Although wind causes much damage during a hurricane, water can become an even greater threat to life and property. The rush of water driven to shore by the storm’s forceful winds is called a storm surge. As wind speeds increase, water within a surge can build to a height above the roof level of small dwellings. This wall of water, highest where the eye of the storm makes landfall, can impact 80–160 km (50–99 mi) of shoreline.
Storm surges are especially dangerous along the southern coast of the United States. In this area, the land rises only slightly above sea level, making the shoreline extremely vulnerable. As a result, it is possible for a moderate storm surge to spill over levees and floodwalls. With enough force, storm surges can even demolish the vertical barriers constructed to contain rising floodwaters.
Suppose that you knew a hurricane was on the way. What sort of storm surge should you expect?
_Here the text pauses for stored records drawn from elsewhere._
(* Let $G$ be a finite, simple, undirected, connected graph with $n$ vertices and let $\ell$ be an integer with $2\leq\ell\leq n-1$. Then $\beta_\ell^s(G)=\ell+1$ if and only if $n=\ell+1$ or $G$ is isomorphic to the star $K_{1,\ell+1}$.
   Context: $d$ is the shortest-path distance; for nonempty $X\subseteq V(G)$, $d(s,X)=\min_{x\in X}d(s,x)$; for $S=\{s_1,\dots,s_k\}$, $\mathcal{D}_S(X)=(d(s_1,X),\dots,d(s_k,X))$. $S\subseteq V(G)$ is an $\ell$-solid-resolving set if $\mathcal{D}_S(X)\neq\mathcal{D}_S(Y)$ for all distinct nonempty $X,Y\subseteq V(G)$ with $|X|\leq\ell$ ($Y$ of arbitrary size). $\beta_\ell^s(G)$ is the minimum cardinality of an $\ell$-solid-resolving set of $G$. *)

From mathcomp Require Import all_boot.
Set Implicit Arguments. Unset Strict Implicit. Unset Printing Implicit Defensive.

Section Graphs.
Variable T : finType.
Implicit Types (e : rel T).

Definition simple_graph e := symmetric e /\ irreflexive e.
Definition connected_graph e := forall x y : T, connect e x y.

Fixpoint walk e (k : nat) (x y : T) : bool :=
  match k with
  | 0 => x == y
  | k'.+1 => [exists z, e x z && walk e k' z y]
  end.

(* shortest-path distance; in a connected graph every distance is < #|T|,
   so the minimum over lengths k < #|T| is the true distance. *)
Definition dist e (x y : T) : nat :=
  \big[minn/#|T|]_(k < #|T| | walk e k x y) (k : nat).

Definition dist_set e (s : T) (X : {set T}) : nat :=
  \big[minn/#|T|]_(x in X) dist e s x.

(* S is an l-solid-resolving set: D_S(X) <> D_S(Y) for all distinct nonempty
   X, Y with |X| <= l; the vectors differ iff some coordinate s in S differs. *)
Definition solid_resolving e (l : nat) (S : {set T}) : bool :=
  [forall X : {set T}, forall Y : {set T},
     [&& X != set0, Y != set0, X != Y & #|X| <= l] ==>
     [exists s in S, dist_set e s X != dist_set e s Y]].

(* beta_l^s(G): minimum cardinality of an l-solid-resolving set
   (the whole vertex set is always one, so the minimum exists). *)
Definition solid_metric_dim e (l : nat) : nat :=
  \big[minn/#|T|.+1]_(S : {set T} | solid_resolving e l S) #|S|.

End Graphs.

(* the star K_{1,m} on vertex set 'I_m.+1 with center ord0 *)
Definition star_rel (m : nat) : rel 'I_m.+1 :=
  fun x y => (x != y) && ((x == ord0) || (y == ord0)).

Definition isomorphic (T U : finType) (e : rel T) (f : rel U) : Prop :=
  exists g : T -> U, bijective g /\ forall x y, e x y = f (g x) (g y).

(* A set S is l-solid-resolving iff for every nonempty X with |X| <= l and every
   v outside X some s in S is strictly closer to v than to X; such an s lies
   outside X.  Taking X = S shows that S has more than l vertices.  If |S| = l+1
   and n >= l+2, taking X = S minus s forces s itself to be the witness, so S is
   independent; taking X = {w} together with S minus {s0, s1} shows that at most
   one s in S is at least as close to w as to v, which for |S| >= 3 leaves room
   for only one vertex c outside S.  Connectivity then makes G the star centred
   at c.  Conversely, V and the set of leaves of K_{1,l+1} are solid-resolving
   sets of size l+1. *)

From mathcomp Require Import all_boot order perm zify.
Import Order.TTheory.
Set Implicit Arguments. Unset Strict Implicit. Unset Printing Implicit Defensive.

Section Distance.
Variables (T : finType) (e : rel T).
Implicit Types (X : {set T}).

Lemma dist_le_walk k x y : k < #|T| -> walk e k x y -> dist e x y <= k.
Proof. by move=> k_lt; apply: (@bigmin_le_cond _ nat _ _ (Ordinal k_lt)). Qed.

Lemma dist_le_card x y : dist e x y <= #|T|.
Proof. exact: (bigmin_le_id (T := nat)). Qed.

Lemma leq_dist k x y :
  k <= #|T| -> (forall j, j < k -> ~~ walk e j x y) -> k <= dist e x y.
Proof.
move=> k_le no_walk; apply: (le_bigmin (T := nat)) => // j wj.
by rewrite leEnat leqNgt; apply: contraL wj; apply: no_walk.
Qed.

Lemma dist_refl x : dist e x x = 0.
Proof.
apply/eqP; rewrite -leqn0; apply: dist_le_walk => /=; last exact: eqxx.
by apply/card_gt0P; exists x.
Qed.

Lemma dist_eq0 x y : (dist e x y == 0) = (x == y).
Proof.
have [->|xNy] := eqVneq x y; first by rewrite dist_refl.
apply/negbTE; rewrite -lt0n; apply: leq_dist => [|[|j] //=].
by apply/card_gt0P; exists x.
Qed.

Lemma dist_edge x y : e x y -> dist e x y <= 1.
Proof.
move=> exy; have [T_gt1|T_le1] := ltnP 1 #|T|.
  by apply: dist_le_walk => //=; apply/existsP; exists y; rewrite exy eqxx.
exact: leq_trans (dist_le_card x y) T_le1.
Qed.

Lemma dist_nonedge x y : x != y -> ~~ e x y -> 1 < dist e x y.
Proof.
move=> xNy nexy; apply: leq_dist => [|[|[|j]] //= _]; first by apply/card_gt1P; exists x, y.
apply/existsP=> -[z /andP [exz /eqP zy]].
by rewrite -zy exz in nexy.
Qed.

Lemma dist_set_le s X x : x \in X -> dist_set e s X <= dist e s x.
Proof. exact: (bigmin_le_cond (T := nat)). Qed.

Lemma leq_dist_set s X k :
  k <= #|T| -> {in X, forall x, k <= dist e s x} -> k <= dist_set e s X.
Proof. exact: (le_bigmin (T := nat)). Qed.

Lemma dist_set_eq0 s X : s \in X -> dist_set e s X = 0.
Proof. by move=> sX; apply/eqP; rewrite -leqn0 -(dist_refl s) dist_set_le. Qed.

Lemma dist_setU1 s v X :
  v \notin X -> dist_set e s (v |: X) = minn (dist e s v) (dist_set e s X).
Proof.
move=> vNX; rewrite /dist_set (bigminD1 (T := nat) _ _ _ (setU11 v X)).
congr minn; apply: eq_bigl => x.
change ((x \in v |: X) && (x != v) = (x \in X)); rewrite !inE.
by case: eqVneq => [->|]; rewrite ?(negbTE vNX) ?andbT.
Qed.

End Distance.

Section SolidResolving.
Variables (T : finType) (e : rel T).
Implicit Types (S X : {set T}).

Definition point_set_resolving l S := forall X v,
  X != set0 -> #|X| <= l -> v \notin X ->
  exists2 s, s \in S & dist e s v < dist_set e s X.

Lemma solid_resolvingP l S :
  reflect (point_set_resolving l S) (solid_resolving e l S).
Proof.
apply: (iffP idP) => [S_res X v X0 Xl vNX | S_pres].
  have X0' : v |: X != set0 by apply/set0Pn; exists v; rewrite setU11.
  have XNvX : X != v |: X by apply: contraNneq vNX => ->; rewrite setU11.
  move/forallP/(_ X)/forallP/(_ (v |: X)): S_res.
  rewrite X0 X0' XNvX Xl => /existsP [s /andP [sS]].
  rewrite dist_setU1 // => dist_neq; exists s => //.
  by rewrite ltnNge; apply: contra dist_neq => /minn_idPr ->.
apply/forallP=> X; apply/forallP=> Y; apply/implyP=> /and4P [X0 Y0 XNY Xl].
have [YsubX | /subsetPn [y yY yNX]] := boolP (Y \subset X).
  have [x xX xNY] : exists2 x, x \in X & x \notin Y.
    by apply/subsetPn; apply: contra XNY => XsubY; rewrite eqEsubset XsubY.
  have [s sS lt_s] := S_pres Y x Y0 (leq_trans (subset_leq_card YsubX) Xl) xNY.
  apply/existsP; exists s; rewrite sS /= neq_ltn.
  by rewrite (leq_ltn_trans (dist_set_le e s xX)).
have [s sS lt_s] := S_pres X y X0 Xl yNX.
apply/existsP; exists s; rewrite sS /= neq_ltn.
by rewrite (leq_ltn_trans (dist_set_le e s yY)) ?orbT.
Qed.

Lemma solid_resolving_witness l S X v :
  solid_resolving e l S -> X != set0 -> #|X| <= l -> v \notin X ->
  exists2 s, s \in S :\: X & dist e s v < dist_set e s X.
Proof.
move=> /solid_resolvingP S_res X0 Xl vNX; have [s sS lt_s] := S_res X v X0 Xl vNX.
exists s => //; rewrite inE sS andbT; apply: contraTN lt_s => sX.
by rewrite dist_set_eq0.
Qed.

Lemma mem_resolving S X v :
  v \in S -> v \notin X -> exists2 s, s \in S & dist e s v < dist_set e s X.
Proof.
move=> vS vNX; exists v; rewrite // dist_refl.
apply: leq_dist_set => [|x xX]; first by apply/card_gt0P; exists v.
by rewrite lt0n dist_eq0; apply: contraNneq vNX => ->.
Qed.

Lemma setT_solid_resolving l : solid_resolving e l [set: T].
Proof. by apply/solid_resolvingP => X v _ _; apply: mem_resolving; rewrite inE. Qed.

Lemma solid_resolving_card_gt l S :
  0 < l -> l < #|T| -> solid_resolving e l S -> l < #|S|.
Proof.
move=> l_gt0 l_ltT S_res; rewrite ltnNge; apply/negP => S_le.
have [v] : exists v, v \in ~: S by apply/set0Pn; rewrite -card_gt0; have := cardsC S; lia.
rewrite inE => vNS.
have [X [SX X0 Xl vNX]] : exists X, [/\ S \subset X, X != set0, #|X| <= l & v \notin X].
  have [->|[s sS]] := set_0Vmem S; last first.
    by exists S; split=> //; apply/set0Pn; exists s.
  have [x] : exists x, x \in [set~ v] by apply/set0Pn; rewrite -card_gt0 cardsC1; lia.
  rewrite !inE => xNv; exists [set x]; rewrite sub0set -card_gt0 cards1 inE eq_sym.
  by split.
have /eqP SX0 : S :\: X == set0 by rewrite setD_eq0.
by have [s] := solid_resolving_witness S_res X0 Xl vNX; rewrite SX0 inE.
Qed.

Lemma solid_metric_dim_le l S : solid_resolving e l S -> solid_metric_dim e l <= #|S|.
Proof. exact: (bigmin_le_cond (T := nat)). Qed.

Lemma solid_metric_dim_attained l :
  exists2 S, solid_resolving e l S & #|S| = solid_metric_dim e l.
Proof.
have [S S_res dimE] :=
  eq_bigmin (T := nat) _ _ _ (setT_solid_resolving l) (fun S _ => leqW (max_card S)).
by exists S; last exact: esym dimE.
Qed.

End SolidResolving.

Section Stars.
Variables (T : finType) (e : rel T).

Definition star_center c := forall x y, e x y = (x != y) && ((x == c) || (y == c)).

Lemma isomorphic_starP (m : nat) :
  isomorphic e (@star_rel m) <-> exists c, #|T| = m.+1 /\ star_center c.
Proof.
split=> [[g [g_bij eg]] | [c [T_card star_c]]].
  have [g' gK g'K] := g_bij.
  have g_ord0 z : (g z == ord0) = (z == g' ord0) by rewrite -{1}(g'K ord0) (bij_eq g_bij).
  exists (g' ord0); split; first by rewrite (bij_eq_card g_bij) card_ord.
  by move=> x y; rewrite eg /star_rel (bij_eq g_bij) !g_ord0.
pose h x : 'I_m.+1 := cast_ord T_card (enum_rank x).
have h_inj : injective h by move=> x y /cast_ord_inj /enum_rank_inj.
pose g x := tperm (h c) ord0 (h x).
have g_inj : injective g by move=> x y /perm_inj /h_inj.
have gc : g c = ord0 by rewrite /g tpermL.
exists g; split; first by apply: (inj_card_bij g_inj); rewrite card_ord T_card.
by move=> x y; rewrite star_c /star_rel (inj_eq g_inj) -gc !(inj_eq g_inj).
Qed.

Lemma star_solid_resolving l c :
  l.+2 <= #|T| -> star_center c -> solid_resolving e l [set~ c].
Proof.
move=> T_ge star_c; apply/solid_resolvingP => X v X0 Xl vNX.
have [vc | vNc] := eqVneq v c; last by apply: mem_resolving; rewrite ?inE.
have [s] : exists s, s \in [set~ c] :\: X.
  apply/set0Pn; rewrite -card_gt0 cardsD cardsC1.
  have := subset_leq_card (subsetIr [set~ c] X); lia.
rewrite !inE => /andP [sNX sNc]; exists s; first by rewrite !inE.
apply: (@leq_ltn_trans 1); first by rewrite vc dist_edge // star_c sNc eqxx orbT.
apply: leq_dist_set => [|x xX]; first lia.
have xNc : x != c by apply: contraNneq vNX => xc; rewrite vc -xc.
apply: dist_nonedge; first by apply: contraNneq sNX => ->.
by rewrite star_c (negbTE sNc) (negbTE xNc) andbF.
Qed.

Lemma star_of_independent_complement c :
  simple_graph e -> connected_graph e ->
  {in [set~ c] &, forall x y, ~~ e x y} -> star_center c.
Proof.
move=> [e_sym e_irr] e_conn indep.
have adj_c x : x != c -> e x c.
  move=> xNc; have /connectP [[|z p] /= xp lastp] := e_conn x c.
    by rewrite lastp eqxx in xNc.
  case/andP: xp => exz _; have [<- // | zNc] := eqVneq z c.
  by have := indep x z; rewrite !inE xNc zNc exz => /(_ isT isT).
move=> x y; have [-> | xNc] := eqVneq x c; have [-> | yNc] := eqVneq y c.
- by rewrite e_irr.
- by rewrite e_sym adj_c.
- by rewrite adj_c // xNc.
by rewrite andbF; apply/negbTE/indep; rewrite !inE.
Qed.

End Stars.

Section ExtremalSolidResolving.
Variables (T : finType) (e : rel T) (l : nat) (S : {set T}).
Hypothesis S_res : solid_resolving e l S.

Lemma solid_resolving_closer_eq s0 s1 v w :
  #|S| <= l.+1 -> s0 \in S -> s1 \in S -> v \notin S -> w \notin S -> v != w ->
  dist e s0 w <= dist e s0 v -> dist e s1 w <= dist e s1 v -> s0 = s1.
Proof.
move=> S_le s0S s1S vNS wNS vNw le0 le1; apply/eqP/negPn/negP => s0Ns1.
pose X := w |: (S :\ s0 :\ s1).
have X0 : X != set0 by apply/set0Pn; exists w; rewrite setU11.
have Xl : #|X| <= l.
  move: S_le; rewrite cardsU1 (cardsD1 s0 S) (cardsD1 s1 (S :\ s0)) s0S !inE s1S eq_sym s0Ns1.
  case: (w \in _); lia.
have vNX : v \notin X by rewrite !inE (negbTE vNw) (negbTE vNS) !andbF.
have [s sSX lt_s] := solid_resolving_witness S_res X0 Xl vNX.
have lt_w : dist e s v < dist e s w := leq_trans lt_s (dist_set_le e s (setU11 w _)).
have : (s == s0) || (s == s1).
  case/setDP: sSX => sS; apply: contraNT => /norP [sNs0 sNs1].
  by rewrite !inE sNs0 sNs1 sS orbT.
by case/orP=> /eqP s_eq; [move: le0 | move: le1]; rewrite -s_eq leqNgt lt_w.
Qed.

Lemma solid_resolving_complement_card_le1 :
  2 < #|S| <= l.+1 -> #|~: S| <= 1.
Proof.
case/andP=> S_gt2 S_le; apply/card_le1_eqP => v w; rewrite !inE => vNS wNS.
apply/eqP; apply: contraTT S_gt2 => wNv; rewrite -leqNgt.
pose closer x y := [set s in S | dist e s x <= dist e s y].
have closer_le1 x y : x \notin S -> y \notin S -> y != x -> #|closer x y| <= 1.
  move=> xNS yNS yNx; apply/card_le1_eqP => s0 s1.
  rewrite /closer !inE => /andP [s0S le0] /andP [s1S le1].
  exact: (solid_resolving_closer_eq S_le s1S s0S yNS xNS yNx le1 le0).
have : S \subset closer v w :|: closer w v.
  by apply/subsetP => s sS; rewrite !inE sS leq_total.
move/subset_leq_card; rewrite cardsU.
have := closer_le1 v w vNS wNS wNv.
have := closer_le1 w v wNS vNS; rewrite eq_sym wNv => /(_ isT).
lia.
Qed.

Lemma solid_resolving_independent v :
  irreflexive e -> 1 < #|S| <= l.+1 -> v \notin S -> {in S &, forall s t, ~~ e s t}.
Proof.
move=> e_irr /andP [S_gt1 S_le] vNS s t sS tS; apply/negP => est.
have sNt : t != s by apply: contraTneq est => ->; rewrite e_irr.
have tX : t \in S :\ s by rewrite !inE sNt.
have X0 : S :\ s != set0 by apply/set0Pn; exists t.
have Xl : #|S :\ s| <= l by move: S_le; rewrite (cardsD1 s S) sS.
have vNX : v \notin S :\ s by rewrite !inE (negbTE vNS) andbF.
have [s' s'SX lt_s'] := solid_resolving_witness S_res X0 Xl vNX.
have s'_eq : s' = s.
  by case/setDP: s'SX => s'S; rewrite !inE s'S andbT negbK => /eqP.
rewrite s'_eq in lt_s'.
have : dist e s v < 1 := leq_trans lt_s' (leq_trans (dist_set_le e s tX) (dist_edge est)).
by rewrite ltnS leqn0 dist_eq0 => /eqP sv; rewrite -sv sS in vNS.
Qed.

End ExtremalSolidResolving.

Lemma tight_solid_resolving_star (T : finType) (e : rel T) l S :
  simple_graph e -> connected_graph e -> 2 <= l -> l.+2 <= #|T| ->
  solid_resolving e l S -> #|S| = l.+1 -> exists c, #|T| = l.+2 /\ star_center e c.
Proof.
move=> e_simple e_conn l_ge2 T_ge S_res S_card.
have /cards1P [c Sc] : #|~: S| == 1.
  have := solid_resolving_complement_card_le1 S_res; rewrite S_card ltnS l_ge2 leqnn.
  by have := cardsC S; lia.
have S_eq : S = [set~ c] by rewrite -Sc setCK.
exists c; split; first by have := cardsC S; rewrite Sc cards1; lia.
apply: star_of_independent_complement => //; rewrite -S_eq.
apply: (solid_resolving_independent (v := c) S_res e_simple.2); first by rewrite S_card; lia.
by rewrite S_eq !inE eqxx.
Qed.

Unset Implicit Arguments. Set Strict Implicit. Set Printing Implicit Defensive.

Theorem mainTheorem6 (T : finType) (e : rel T) (l : nat) :
  simple_graph e -> connected_graph e ->
  2 <= l -> l <= #|T| - 1 ->
  (solid_metric_dim e l = l.+1 <->
   (#|T| = l.+1 \/ isomorphic e (@star_rel l.+1))).
Proof.
move=> e_simple e_conn l_ge2 l_le.
have l_ltT : l < #|T| by lia.
have dim_gt : l < solid_metric_dim e l.
  have [S S_res <-] := solid_metric_dim_attained e l.
  by apply: solid_resolving_card_gt S_res; lia.
split=> [dim_eq | [T_eq | /isomorphic_starP [c [T_eq star_c]]]].
- have [S S_res] := solid_metric_dim_attained e l; rewrite dim_eq => S_card.
  have [T_eq | T_ge] : #|T| = l.+1 \/ l.+2 <= #|T| by lia.
    by left.
  right; apply/isomorphic_starP.
  exact: tight_solid_resolving_star e_simple e_conn l_ge2 T_ge S_res S_card.
- apply/eqP; rewrite eqn_leq dim_gt andbT -T_eq -cardsT.
  exact/solid_metric_dim_le/setT_solid_resolving.
apply/eqP; rewrite eqn_leq dim_gt andbT.
have -> : l.+1 = #|[set~ c]| by rewrite cardsC1 T_eq.
by apply/solid_metric_dim_le/star_solid_resolving; rewrite ?T_eq.
Qed.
The approximate height of a storm surge can be inferred by the hurricane’s assigned category on the Saffir-Simpson Hurricane Scale. In general, a Category 1 storm will have a surge that is from 1.0–1.7 m (3–5 ft) above the normal level of the tide. A Category 2 storm will have a surge that can rise 1.8–2.6 m (6–8 ft) above normal. A Category 5 can produce storm surges of over 5.7 m (19 ft).
The final height to which the storm surge will rise is greatly influenced by the shape of the coastline.
For example, if the rising water is funneled into a narrow passageway, it piles up, creating an even higher surge. This is often observed in narrow inlets or bays. Another factor is the time of tide when the storm surge arrives. A surge will have less impact if it arrives at low tide than at high tide. The most destructive surges arrive during spring high tides, when the water is already well above the average tide level.
The high water, waves, and swift currents associated with a storm surge can erode barriers and rip structures apart. Buildings that remain standing sustain heavy water damage. A storm surge may also take many lives, because escaping from one can be quite difficult. Sometimes people take refuge in their homes. As the water level rises, they may eventually become trapped in the attic with no means of escape. Often, rescuers must cut through the roof to reach the trapped victims.
Most people don’t realize that just a few centimeters of swiftly moving water can knock them off their feet. A mere 15 cm (6 in.) of moving water can sweep a car off the road. Many drownings occur when people are trapped in cars caught in floodwaters. In fact, since 1970, more than half of all hurricane-related deaths have resulted from flooding.
A surge blown ashore by the high winds isn’t the only type of flooding that can occur during a hurricane. Heavy rain may cause rivers to overflow their banks, producing flood conditions many hundreds of miles inland. Like their coastal counterparts, these inland floods are destructive and dangerous.
Some hurricanes produce other violent storms—tornadoes. Tornadoes sometimes form in the outer edge of a hurricane as it makes landfall. Tornadoes can continue to develop for days after landfall and for long distances inland. Hurricane Beulah, which made landfall along the Texas coast in 1967, spawned an amazing 115 tornadoes!